*** Opening EXCERPTED DATA ***

(* Let $R$ be a finite local commutative ring, $K\le R^\times$, $\mathcal C=\mathrm{Cyc}(K,R)$ and $\mathcal A=\mathcal A(K,R)$ its multiplication S-ring; let $u=0$, $v=1$. If the S-ring $\mathcal A$ is trivial, then the scheme $\mathcal C_{u,v}$ is trivial. In particular, in this case $\mathrm{Aut}(\mathcal C)=\Gamma(K,R)$.
   Context: All rings have an identity. A scheme on a finite set $V$ is a pair $(V,\mathcal R)$, $\mathcal R$ a partition of $V\times V$ into nonempty basis relations, closed under transposition, with the diagonal a union of basis relations and with the intersection numbers $|\{y:(x,y)\in R_1,(y,z)\in R_2\}|$ depending only on the basis relation containing $(x,z)$; relations are unions of basis relations. A scheme is trivial if every subset of $V\times V$ is a relation (all basis relations are singletons). $\mathrm{Aut}$ is the group of permutations fixing every basis relation; $\mathrm{Iso}$ the group of permutations permuting them. $[\mathcal C,\mathcal M]$ is the smallest scheme having all relations of $\mathcal C$ and of the set $\mathcal M$ as relations; $\mathcal C_w=[\mathcal C,\{(w,w)\}]$, $\mathcal C_{u,v}=[\mathcal C,\{(u,u)\},\{(v,v)\}]$. If $\Delta(U)$ is a relation, $\mathcal C_U$ is the scheme on $U$ with basis relations the nonempty $S\cap U^2$. For $\Gamma\le\mathrm{Iso}(\mathcal C)$, $\mathcal C^\Gamma$ is the scheme whose relations are the $\Gamma$-invariant relations of $\mathcal C$. $\mathrm{Cyc}(K,R)$ is the scheme on $R$ with basis relations $\{(x,y): y-x\in rK\}$, $r\in R$. With $u=0$, $\mathcal C'=((\mathcal C_u)_{R^\times})^{R^\times_{right}}$ where $R^\times_{right}=\{x\mapsto xa:a\in R^\times\}$; its basis relations are $\{(g,xg):g\in R^\times,x\in X\}$ for sets $X$ partitioning $R^\times$. The multiplication S-ring $\mathcal A(K,R)$ is the S-ring over $R^\times$ with these basic sets $X$; it is trivial if all basic sets are singletons. $\Gamma(K,R)$ is the group of permutations $x\mapsto ax+b$, $a\in K$, $b\in R$. *)

From mathcomp Require Import all_boot all_order all_algebra all_fingroup.
Set Implicit Arguments. Unset Strict Implicit. Unset Printing Implicit Defensive.
Import GRing.Theory.
Local Open Scope ring_scope.
(* On the interval $[0,1]$: (i) the function $\dfrac{\cos(\frac12\pi x)}{1-x^2}$ attains its global maximum at $x=0$; (ii) the function $\dfrac{(x^2+1)\cos^2(\frac12\pi x)}{(1-x^2)^2}$ attains its global minimum at $x=0$.
   Context: At $x=1$ both functions have removable singularities and are understood as their continuous extensions. *)

From Stdlib Require Import Reals.
Open Scope R_scope.

(* f(x) = cos(pi x / 2) / (1 - x^2), extended continuously at x = 1
   (limit value pi/4). *)
Definition f6 (x : R) : R :=
  if Req_EM_T x 1 then PI / 4 else cos (PI * x / 2) / (1 - x ^ 2).

(* g(x) = (x^2 + 1) cos^2(pi x / 2) / (1 - x^2)^2, extended continuously at
   x = 1 (limit value 2 (pi/4)^2 = pi^2/8). *)
Definition g6 (x : R) : R :=
  if Req_EM_T x 1 then PI ^ 2 / 8
  else (x ^ 2 + 1) * (cos (PI * x / 2)) ^ 2 / (1 - x ^ 2) ^ 2.

(** Both inequalities reduce, after clearing denominators, to comparing
    [cos (PI x / 2)] with a polynomial in [x].  Near [x = 0] the Taylor
    polynomials of [cos] of degree 2 and 4 suffice; near [x = 1] one writes
    [cos (PI x / 2) = sin (PI s / 2)] with [s = 1 - x] and uses the Taylor
    polynomials of [sin] instead.  The only information about [PI] needed is
    [3 <= PI <= 16/5]. *)

From Stdlib Require Import Reals Lra Psatz.
Open Scope R_scope.

Lemma cos_le_taylor4 t : 0 <= t <= PI / 2 -> cos t <= 1 - t ^ 2 / 2 + t ^ 4 / 24.
Proof.
  intros [t_ge0 t_le]; pose proof PI_RGT_0.
  destruct (cos_bound t 0) as [_ ub]; try lra.
  unfold cos_approx, cos_term in ub; simpl in ub; lra.
Qed.

Lemma taylor2_le_cos t : 0 <= t <= PI / 2 -> 1 - t ^ 2 / 2 <= cos t.
Proof.
  intros [t_ge0 t_le]; pose proof PI_RGT_0.
  destruct (cos_bound t 0) as [lb _]; try lra.
  unfold cos_approx, cos_term in lb; simpl in lb; lra.
Qed.

Lemma taylor3_le_sin u : 0 <= u <= PI -> u - u ^ 3 / 6 <= sin u.
Proof.
  intros [u_ge0 u_le].
  destruct (sin_bound u 0) as [lb _]; try lra.
  unfold sin_approx, sin_term in lb; simpl in lb; lra.
Qed.

Lemma PI_gt_3 : 3 < PI.
Proof. pose proof PI2_3_2; lra. Qed.

(* [cos (PI/2) = 0] together with the quartic upper bound forces [PI] to be small. *)
Lemma PI_le_16_5 : PI <= 16 / 5.
Proof.
  pose proof PI_4; pose proof PI_RGT_0.
  assert (taylor_nonneg : 0 <= 1 - (PI / 2) ^ 2 / 2 + (PI / 2) ^ 4 / 24).
  { rewrite <- cos_PI2; apply cos_le_taylor4; lra. }
  destruct (Rle_or_lt PI (16 / 5)) as [|]; [assumption | exfalso].
  set (z := (PI / 2) ^ 2) in *.
  assert (64 / 25 < z <= 4) by (unfold z; nra).
  replace ((PI / 2) ^ 4) with (z ^ 2) in taylor_nonneg by (unfold z; ring).
  nra.
Qed.

Lemma cos_half_pi_le_one_sub_sq_near0 x :
  0 <= x <= 3 / 5 -> cos (PI * x / 2) <= 1 - x ^ 2.
Proof.
  intros x_bnd; pose proof PI_gt_3; pose proof PI_le_16_5.
  eapply Rle_trans; [apply cos_le_taylor4; split; nra |].
  set (p := PI) in *.
  replace (1 - (p * x / 2) ^ 2 / 2 + (p * x / 2) ^ 4 / 24)
    with (1 - x ^ 2 * (p ^ 2 / 8 - p ^ 4 * x ^ 2 / 384)) by field.
  assert (9 <= p ^ 2 <= 256 / 25) by nra.
  assert (p ^ 4 <= (256 / 25) ^ 2) by nra.
  assert (p ^ 4 * x ^ 2 <= (256 / 25) ^ 2 * (9 / 25))
    by (apply Rmult_le_compat; nra).
  assert (1 <= p ^ 2 / 8 - p ^ 4 * x ^ 2 / 384) by nra.
  assert (0 <= x ^ 2) by nra.
  nra.
Qed.

Lemma sin_half_pi_le_near0 s :
  0 < s <= 2 / 5 -> sin (PI * s / 2) <= s * (2 - s).
Proof.
  intros s_bnd; pose proof PI_gt_3; pose proof PI_le_16_5.
  assert (sin (PI * s / 2) < PI * s / 2) by (apply sin_lt_x; nra).
  nra.
Qed.

Lemma cos_half_pi_le_one_sub_sq x :
  0 <= x < 1 -> cos (PI * x / 2) <= 1 - x ^ 2.
Proof.
  intros x_bnd.
  destruct (Rle_or_lt x (3 / 5)).
  - apply cos_half_pi_le_one_sub_sq_near0; lra.
  - replace (PI * x / 2) with (PI / 2 - PI * (1 - x) / 2) by field.
    rewrite cos_shift.
    replace (1 - x ^ 2) with ((1 - x) * (2 - (1 - x))) by ring.
    apply sin_half_pi_le_near0; lra.
Qed.

Lemma one_sub_sq_sq_le_near0 z a :
  0 <= z <= 1 / 4 -> 9 / 8 <= a <= 32 / 25 ->
  (1 - z) ^ 2 <= (1 + z) * (1 - a * z) ^ 2.
Proof.
  intros z_bnd a_bnd.
  (* the difference is [z (3 - 2a + z (a^2 - 2a - 1) + a^2 z^2)] *)
  assert (0 <= (1 / 4 - z) * (2 - 81 / 64 * (z + 1 / 4)))
    by (apply Rmult_le_pos; lra).
  assert (81 / 64 * z ^ 2 <= a ^ 2 * z ^ 2) by (apply Rmult_le_compat_r; nra).
  assert (0 <= z * (a - 1) ^ 2) by (apply Rmult_le_pos; nra).
  assert (0 <= z * (3 - 2 * a + z * (a ^ 2 - 2 * a - 1) + a ^ 2 * z ^ 2))
    by (apply Rmult_le_pos; nra).
  nra.
Qed.

Lemma one_sub_sq_sq_le_cos_sq_near0 x :
  0 <= x <= 1 / 2 -> (1 - x ^ 2) ^ 2 <= (x ^ 2 + 1) * cos (PI * x / 2) ^ 2.
Proof.
  intros x_bnd; pose proof PI_gt_3; pose proof PI_le_16_5.
  assert (cos_lb : 1 - PI ^ 2 / 8 * x ^ 2 <= cos (PI * x / 2)).
  { replace (1 - PI ^ 2 / 8 * x ^ 2) with (1 - (PI * x / 2) ^ 2 / 2) by field.
    apply taylor2_le_cos; split; nra. }
  assert (a_bnd : 9 / 8 <= PI ^ 2 / 8 <= 32 / 25) by nra.
  assert (z_bnd : 0 <= x ^ 2 <= 1 / 4) by nra.
  pose proof (one_sub_sq_sq_le_near0 (x ^ 2) (PI ^ 2 / 8) z_bnd a_bnd).
  assert (PI ^ 2 / 8 * x ^ 2 <= 32 / 25 * (1 / 4))
    by (apply Rmult_le_compat; lra).
  assert ((1 - PI ^ 2 / 8 * x ^ 2) ^ 2 <= cos (PI * x / 2) ^ 2)
    by (apply pow_incr; lra).
  nra.
Qed.

Lemma two_sub_sq_le_near0 s :
  0 < s <= 1 / 2 ->
  (2 - s) ^ 2 <= (2 - 2 * s + s ^ 2) * (3 / 2 - 9 * s ^ 2 / 16) ^ 2.
Proof.
  intros s_bnd.
  assert (0 <= s ^ 3) by (apply pow_le; lra).
  assert (s ^ 4 <= s ^ 3 / 2) by (replace (s ^ 4) with (s ^ 3 * s) by ring; nra).
  assert (s ^ 5 <= s ^ 3 / 4) by (replace (s ^ 5) with (s ^ 3 * s ^ 2) by ring; nra).
  assert (0 <= (1 / 2 - s) * (1695 / 2048 + 799 / 1024 * s - 1377 / 512 * s ^ 2))
    by (apply Rmult_le_pos; nra).
  nra.
Qed.

(* [u - u^3/6] at [u = PI s/2] is increasing in [PI] on [[3, 16/5]], so [PI = 3]
   gives the bound. *)
Lemma sin_half_pi_ge_near0 s :
  0 < s <= 1 / 2 -> s * (3 / 2 - 9 * s ^ 2 / 16) <= sin (PI * s / 2).
Proof.
  intros s_bnd; pose proof PI_gt_3; pose proof PI_le_16_5.
  eapply Rle_trans; [| apply taylor3_le_sin; split; nra].
  set (p := PI) in *.
  enough (0 <= s * ((p - 3) * (1 / 2 - s ^ 2 * (p ^ 2 + 3 * p + 9) / 48)))
    by (unfold p in *; nra).
  assert (s ^ 2 * (p ^ 2 + 3 * p + 9) <= 1 / 4 * 29)
    by (apply Rmult_le_compat; nra).
  apply Rmult_le_pos; [lra |].
  apply Rmult_le_pos; lra.
Qed.

Lemma one_sub_sq_sq_le_cos_sq x :
  0 <= x < 1 -> (1 - x ^ 2) ^ 2 <= (x ^ 2 + 1) * cos (PI * x / 2) ^ 2.
Proof.
  intros x_bnd.
  destruct (Rle_or_lt x (1 / 2)).
  - apply one_sub_sq_sq_le_cos_sq_near0; lra.
  - set (s := 1 - x).
    assert (s_bnd : 0 < s <= 1 / 2) by (unfold s; lra).
    replace (PI * x / 2) with (PI / 2 - PI * s / 2) by (unfold s; field).
    rewrite cos_shift.
    replace (1 - x ^ 2) with (s * (2 - s)) by (unfold s; ring).
    replace (x ^ 2 + 1) with (2 - 2 * s + s ^ 2) by (unfold s; ring).
    pose proof (two_sub_sq_le_near0 s s_bnd).
    pose proof (sin_half_pi_ge_near0 s s_bnd).
    assert (0 <= 3 / 2 - 9 * s ^ 2 / 16) by nra.
    assert ((s * (3 / 2 - 9 * s ^ 2 / 16)) ^ 2 <= sin (PI * s / 2) ^ 2)
      by (apply pow_incr; nra).
    assert (0 <= 2 - 2 * s + s ^ 2) by nra.
    assert (0 <= s ^ 2) by nra.
    nra.
Qed.

Lemma f6_le_1 x : 0 <= x <= 1 -> f6 x <= 1.
Proof.
  intros x_bnd; pose proof PI_4.
  unfold f6; destruct (Req_EM_T x 1); [lra |].
  assert (0 < 1 - x ^ 2) by nra.
  pose proof (cos_half_pi_le_one_sub_sq x ltac:(lra)).
  apply (Rmult_le_reg_r (1 - x ^ 2)); [assumption |].
  unfold Rdiv; rewrite Rmult_assoc, Rinv_l by lra; lra.
Qed.

Lemma g6_ge_1 x : 0 <= x <= 1 -> 1 <= g6 x.
Proof.
  intros x_bnd; pose proof PI_gt_3.
  unfold g6; destruct (Req_EM_T x 1); [nra |].
  assert (0 < (1 - x ^ 2) ^ 2) by (apply pow_lt; nra).
  pose proof (one_sub_sq_sq_le_cos_sq x ltac:(lra)).
  apply (Rmult_le_reg_r ((1 - x ^ 2) ^ 2)); [assumption |].
  unfold Rdiv; rewrite Rmult_assoc, Rinv_l by lra; lra.
Qed.

Lemma f6_0 : f6 0 = 1.
Proof.
  unfold f6; destruct (Req_EM_T 0 1); [lra |].
  rewrite Rmult_0_r, Rdiv_0_l, cos_0; field.
Qed.

Lemma g6_0 : g6 0 = 1.
Proof.
  unfold g6; destruct (Req_EM_T 0 1); [lra |].
  rewrite Rmult_0_r, Rdiv_0_l, cos_0; field.
Qed.

Theorem lemma6 :
  (forall x : R, 0 <= x <= 1 -> f6 x <= f6 0) /\
  (forall x : R, 0 <= x <= 1 -> g6 0 <= g6 x).
Proof.
  rewrite f6_0, g6_0.
  split; [exact f6_le_1 | exact g6_ge_1].
Qed.
(* Let $T>0$ and let $(c,\rho,\theta,u)$ be a smooth solution of (NS) on $[0,T]\times\mathbb T$ with $c\in[0,1]$ and assume there are positive constants with $\underline\rho\le\rho\le\overline\rho$ and $\underline\theta\le\theta\le\overline\theta$ on $[0,T]\times\mathbb T$. Then there exist constants $C_8,C_9>0$, depending only on $T$, these bounds, $\mu_\pm,\gamma_\pm,c_{v,\pm}$, $\int_0^1\sigma_0^2$ and $\int_0^1\rho_0E_0$, such that $\int_0^1(\partial_xu)^2(t)\le C_8$ for all $t\in[0,T]$ and $\int_0^T\|\partial_xu\|_{L^\infty(\mathbb T)}^2\le C_9$; i.e. $\partial_xu\in L^\infty(0,T;L^2(\mathbb T))\cap L^2(0,T;L^\infty(\mathbb T))$ using only $\sigma_0\in L^2(\mathbb T)$.
   Context: $\mathbb T=\mathbb R/\mathbb Z$ is identified with $[0,1)$. Fix constants $\mu_\pm>0$, $\gamma_\pm>1$, $c_{v,\pm}>0$, and for $c\in[0,1]$ set $\mu(c)=c\mu_++(1-c)\mu_-$, $\gamma(c)=c\gamma_++(1-c)\gamma_-$, $c_v(c)=c\,c_{v,+}+(1-c)c_{v,-}$. For unknowns $c,\rho,\theta,u$ on $[0,T]\times\mathbb T$, write $p=(\gamma(c)-1)\rho\theta$, $\sigma=\mu(c)\partial_xu-p$, $E=u^2/2+c_v(c)\theta$. The mesoscopic system (NS) is $\partial_t\rho+\partial_x(\rho u)=0$, $\partial_t(\rho c)+\partial_x(\rho c u)=0$, $\partial_t(\rho u)+\partial_x(\rho u^2)=\partial_x\sigma$, $\partial_t(\rho E)+\partial_x(\rho E u)=\partial_x(\sigma u)$, with initial data $\rho_0,c_0,u_0,\theta_0$, $E_0=u_0^2/2+c_v(c_0)\theta_0$, and $\sigma_0=\sigma|_{t=0}$. *)

From Stdlib Require Import Reals List.
From Coquelicot Require Import Coquelicot.
Open Scope R_scope.

(* Fields are functions of (t, x) in R x R; x is the spatial variable,
   1-periodicity in x encodes the torus T = R/Z. *)
Definition field := R -> R -> R.

Definition pDt (f : field) : field := fun t x => Derive (fun s => f s x) t.
Definition pDx (f : field) : field := fun t x => Derive (fun y => f t y) x.

(* iterated mixed partial derivatives along a word (true = d/dt, false = d/dx) *)
Fixpoint Dw (w : list bool) (f : field) : field :=
  match w with
  | nil => f
  | b :: w' => (if b then pDt else pDx) (Dw w' f)
  end.

Definition smooth (f : field) : Prop :=
  forall w : list bool,
    (forall t x, ex_derive (fun s => Dw w f s x) t /\ ex_derive (fun y => Dw w f t y) x) /\
    (forall t x, continuous (fun p : R * R => Dw w f (fst p) (snd p)) (t, x)).

Definition periodic1 (f : field) : Prop := forall t x, f t (x + 1) = f t x.

(* L^infinity(T) norm of a 1-periodic function: sup over one period [0,1] *)
Definition Linf_norm (g : R -> R) : R :=
  real (Lub_Rbar (fun y => exists x, 0 <= x <= 1 /\ y = Rabs (g x))).

Definition mix (a_plus a_minus c : R) : R := c * a_plus + (1 - c) * a_minus.

Section NS.
Variables (mu_p mu_m gam_p gam_m cv_p cv_m : R).

Definition muc (c : R) := mix mu_p mu_m c.
Definition gamc (c : R) := mix gam_p gam_m c.
Definition cvc (c : R) := mix cv_p cv_m c.

Definition pres (c rho theta : field) : field :=
  fun t x => (gamc (c t x) - 1) * rho t x * theta t x.
Definition sigmaNS (c rho theta u : field) : field :=
  fun t x => muc (c t x) * pDx u t x - pres c rho theta t x.
Definition energyNS (c theta u : field) : field :=
  fun t x => u t x ^ 2 / 2 + cvc (c t x) * theta t x.

Definition NS_system (T : R) (c rho theta u : field) : Prop :=
  forall t x, 0 <= t <= T ->
    pDt rho t x + pDx (fun s y => rho s y * u s y) t x = 0 /\
    pDt (fun s y => rho s y * c s y) t x + pDx (fun s y => rho s y * c s y * u s y) t x = 0 /\
    pDt (fun s y => rho s y * u s y) t x + pDx (fun s y => rho s y * u s y ^ 2) t x
      = pDx (sigmaNS c rho theta u) t x /\
    pDt (fun s y => rho s y * energyNS c theta u s y) t x
      + pDx (fun s y => rho s y * energyNS c theta u s y * u s y) t x
      = pDx (fun s y => sigmaNS c rho theta u s y * u s y) t x.
End NS.

From Stdlib Require Import Reals Lra List.
From Coquelicot Require Import Coquelicot.
Open Scope R_scope.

*** Closing EXCERPTED DATA ***

### ASSIGNMENT
State how many lines of the records above contain "extended", with no words besides the number.

### RESULT OF THIS TASK
2